Portanto, quanto ao interesse histórico filosófico, o omissis, com o auxilio da história
da filosofia, refletir (reflectere) possa significar fazer retroceder, aparecendo como um
exercício de volta e de busca. Ponderar, calcular, raciocinar... são atividades do pensamento
que não se fazem somente prospectivamente, sobretudo retrospectivamente. Assumido como
fonte de estudo e raciocínio, é em torno dele que se deitará toda a atividade reflexiva; cercarse-ão suas causas, suas aparições, seus efeitos, seus motivos... de modo que se estará
exercendo uma atividade que volta aos princípios da cadeia para compreender a totalidade do
problema e suas conseqüências práticas e futuras.
Refletir, portanto para o pesquisador, é uma necessidade, do qual se exime, em parte,
na medida em que se abre para dialogar com aqueles que já pensaram a respeito do problema.
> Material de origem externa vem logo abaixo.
Lemma pathprod1 x : pathprod F [:: x] = 1.
Proof. by rewrite /pathprod big_nil. Qed.

Lemma pathprod_cons x y s : pathprod F [:: x, y & s] = F x y * pathprod F (y :: s).
Proof. by rewrite /pathprod big_cons. Qed.

Lemma pathprod_mkseq (f : nat -> site L1 L2) n :
  pathprod F (mkseq f n.+1) = \prod_(0 <= k < n) F (f k) (f k.+1).
Proof.
elim: n f => [|n IH] f; first by rewrite pathprod1 big_geq.
rewrite mkseqS_cons (mkseqS_cons (fun k => f k.+1)) pathprod_cons.
by rewrite -(mkseqS_cons (fun k => f k.+1)) IH big_nat_recl.
Qed.

Lemma pathprod_zigzag (f : nat -> site L1 L2) (T : R) n :
  (forall k, F (f k.*2) (f k.*2.+1) * F (f k.*2.+1) (f k.*2.+2) = T) ->
  pathprod F (mkseq f (n.*2).+1) = T ^+ n.
Proof.
move=> stepT; rewrite pathprod_mkseq big_nat_pairs /=.
by under eq_bigr do rewrite stepT; rewrite prodr_const_nat subn0.
Qed.

End Paths.

Section Torus.
Variables (L1 L2 : nat) (h1 : (0 < L1)%N) (h2 : (0 < L2)%N).

Local Notation site := (site L1 L2).
Local Notation mksite := (mksite h1 h2).
Local Notation siteA := (siteA h1 h2).
Local Notation siteB := (siteB h1 h2).
Local Notation U := (U h1 h2).

Lemma mksite_congr s n1 n2 n1' n2' :
  n1 = n1' %[mod L1] -> n2 = n2' %[mod L2] -> mksite s n1 n2 = mksite s n1' n2'.
Proof. by move=> e1 e2; congr (_, (_, _)); apply: val_inj. Qed.

Lemma U_sym i j : U i j = U j i.
Proof. by case: i j => [[] x] [[] y]. Qed.

Lemma U_bond_c n1 n2 : U (siteA n1 n2) (siteB n1 n2) = Umat Bc.
Proof. by rewrite /U /= /bondAB eqxx. Qed.

Lemma U_bond_a n1 n2 : (1 < L1)%N -> U (siteA n1.+1 n2) (siteB n1 n2) = Umat Ba.
Proof.
move=> L1_gt1; rewrite /U /= /bondAB /siteA /mksite /= !xpair_eqE /=.
by rewrite -!val_eqE /= modnDml addn1 !modn_mod !eqxx eqn_modS.
Qed.

Lemma U_bond_b n1 n2 :
  (1 < L1)%N -> (1 < L2)%N -> U (siteA n1 n2.+1) (siteB n1 n2) = Umat Bb.
Proof.
move=> L1_gt1 L2_gt1; rewrite /U /= /bondAB /siteA /mksite /= !xpair_eqE /=.
by rewrite -!val_eqE /= !modnDml !addn1 !modn_mod !eqxx eqn_modS // !andbF /=.
Qed.

Definition gaugeA (x : 'I_L1 * 'I_L2) : 'M[algC]_4 := T1 ^+ x.1 * T2 ^+ x.2.

Definition gauge (i : site) : 'M[algC]_4 :=
  if i.1 then gaugeA i.2 * Umat Bc else gaugeA i.2.

(* Like [U], [eta] vanishes on pairs of sites that are not bonds, so that
   [gauge_link] below holds for all pairs. *)
Definition eta_AB (x y : 'I_L1 * 'I_L2) : algC :=
  match bondAB h1 h2 x y with
  | Some Ba => (-1) ^+ y.2
  | Some _ => 1
  | None => 0
  end.

Definition eta (i j : site) : algC :=
  match i, j with
  | (false, x), (true, y) | (true, y), (false, x) => eta_AB x y
  | _, _ => 0
  end.

Lemma gauge_unitary i : gauge i \is unitarymx.
Proof.
have gaugeA_unitary x : gaugeA x \is unitarymx.
  by apply: mul_unitarymx; apply: unitarymxX; [exact: T1_unitary | exact: T2_unitary].
case: i => [[] x]; rewrite /gauge; last exact: gaugeA_unitary.
exact: mul_unitarymx (gaugeA_unitary x) (Umat_unitary _).
Qed.

Lemma eta_sym i j : eta i j = eta j i.
Proof. by case: i j => [[] x] [[] y]. Qed.

Lemma eta_sign i j : adjacent h1 h2 i j -> eta i j = 1 \/ eta i j = -1.
Proof.
case: i j => [[] x] [[] y] //=; rewrite /adjacent /= /eta_AB;
  by case: bondAB => // -[] _; [exact: signr_pm1 | left | left].
Qed.

Hypotheses (d1 : (4 %| L1)%N) (d2 : (4 %| L2)%N).

Lemma gaugeA_bond x y :
  gaugeA x * U (false, x) (true, y) = (eta_AB x y)%:M * gauge (true, y).
Proof.
rewrite /gauge /gaugeA /eta_AB /U [bond _ _]/bond /bondAB [(true, y).1]/= [(true, y).2]/=.
case: eqP => [-> | _]; first by rewrite idmxE mul1r.
case: eqP => [[xE] | _].
  have -> : x.1 = ((y.1 + 1) %% L1)%N :> nat by rewrite -xE.
  have -> : x.2 = y.2 :> nat by rewrite -xE /= modn_small.
  rewrite -(expr_mod _ T1_expr4) modn_dvdm // expr_mod ?T1_expr4 // addn1 exprSr.
  rewrite -(mulrA _ T1) (anticomm_exprr _ T2_T1_anticomm) rmorph_sign.
  by rewrite mulr_signCA -!mulrA Umat_involutive mulr1.
case: eqP => [[xE] | _]; last by rewrite mulr0 raddf0 mul0r.
have -> : x.1 = y.1 :> nat by rewrite -xE /= modn_small.
have -> : x.2 = ((y.2 + 1) %% L2)%N :> nat by rewrite -xE.
rewrite -(expr_mod _ T2_expr4) modn_dvdm // expr_mod ?T2_expr4 // addn1 exprSr.
by rewrite -!mulrA Umat_involutive mulr1 idmxE mul1r.
Qed.

Lemma gauge_link i j : gauge i * U i j = (eta i j)%:M * gauge j.
Proof.
case: i j => [[] x] [[] y]; try by rewrite /U /= mulr0 raddf0 mul0r.
  have := gaugeA_bond y x; rewrite U_sym /U [bond _ _]/bond /eta /eta_AB.
  case: bondAB => [al|]; last by rewrite !mulr0 raddf0 !mul0r.
  apply: scalar_intertwine_sym; first exact: Umat_involutive.
  by case: al; rewrite ?mulr1 // -expr2 sqrr_sign.
exact: gaugeA_bond.
Qed.

Lemma gauge_transform i j : gauge i *m U i j *m (gauge j)^t* = (eta i j)%:M.
Proof.
have link := gauge_link i j; rewrite -mulmxE in link.
by rewrite link mulmxtVK ?gauge_unitary.
Qed.

Lemma gauge_pathprod x s :
  gauge x * pathprod U (x :: s) = (pathprod eta (x :: s))%:M * gauge (last x s).
Proof.
elim: s x => [|y s IH] x; first by rewrite !pathprod1 mulr1 rmorph1 mul1r.
by rewrite !pathprod_cons mulrA gauge_link -mulrA IH mulrA -rmorphM.
Qed.

Lemma gauge_loop x s c :
  last x s = x -> pathprod U (x :: s) = c%:M -> pathprod eta (x :: s) = c.
Proof.
move=> closed loopU; have := gauge_pathprod x s.
rewrite closed loopU -mulmxE scalar_mxC mulmxE.
move/(mulIr (unitarymx_unit (gauge_unitary x)))/matrixP/(_ 0 0).
by rewrite !mxE /= !mulr1n.
Qed.

Let L1_gt1 : (1 < L1)%N := leq_trans (isT : (1 < 4)%N) (dvdn_leq h1 d1).
Let L2_gt1 : (1 < L2)%N := leq_trans (isT : (1 < 4)%N) (dvdn_leq h2 d2).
Ter esses pontos de apoio pode representar, para o pesquisador da ética, ter resultados maiores
ou menores da quais possa discutir com maior embasamento a temática eleita como fulcro de
investigação, nas quais não devem obscurecer o projeto de se tratar por meio de um aperçu as
principais idéias a respeito da ética.
Para um conhecimento da totalidade da dimensão histórica, tem analisados os
pensamentos, movimentos, tendências, autores, escolas, um conjunto de contribuições, com
suas peculiaridades e suas ideologias, levando em questão e posterior aprofundamento de
várias discussões como:
Sócrates, Platão, Aristóteles, Epicuro de Samos, Lúcio Aneu Sêneca, Cristianismo,
Baruch Espinoza, David Hume, Jeremy Bentham, Emmanuel Kant, George Edwaard Moore e
John Ralws, mas vamos falar de Sócrates, que interagiu com a escola sofistica de sua época,
conduz a discussão ética para a dimensão da sabedoria, cuidando de acentuar a preocupação
da ética com a formação e a educação para a morte.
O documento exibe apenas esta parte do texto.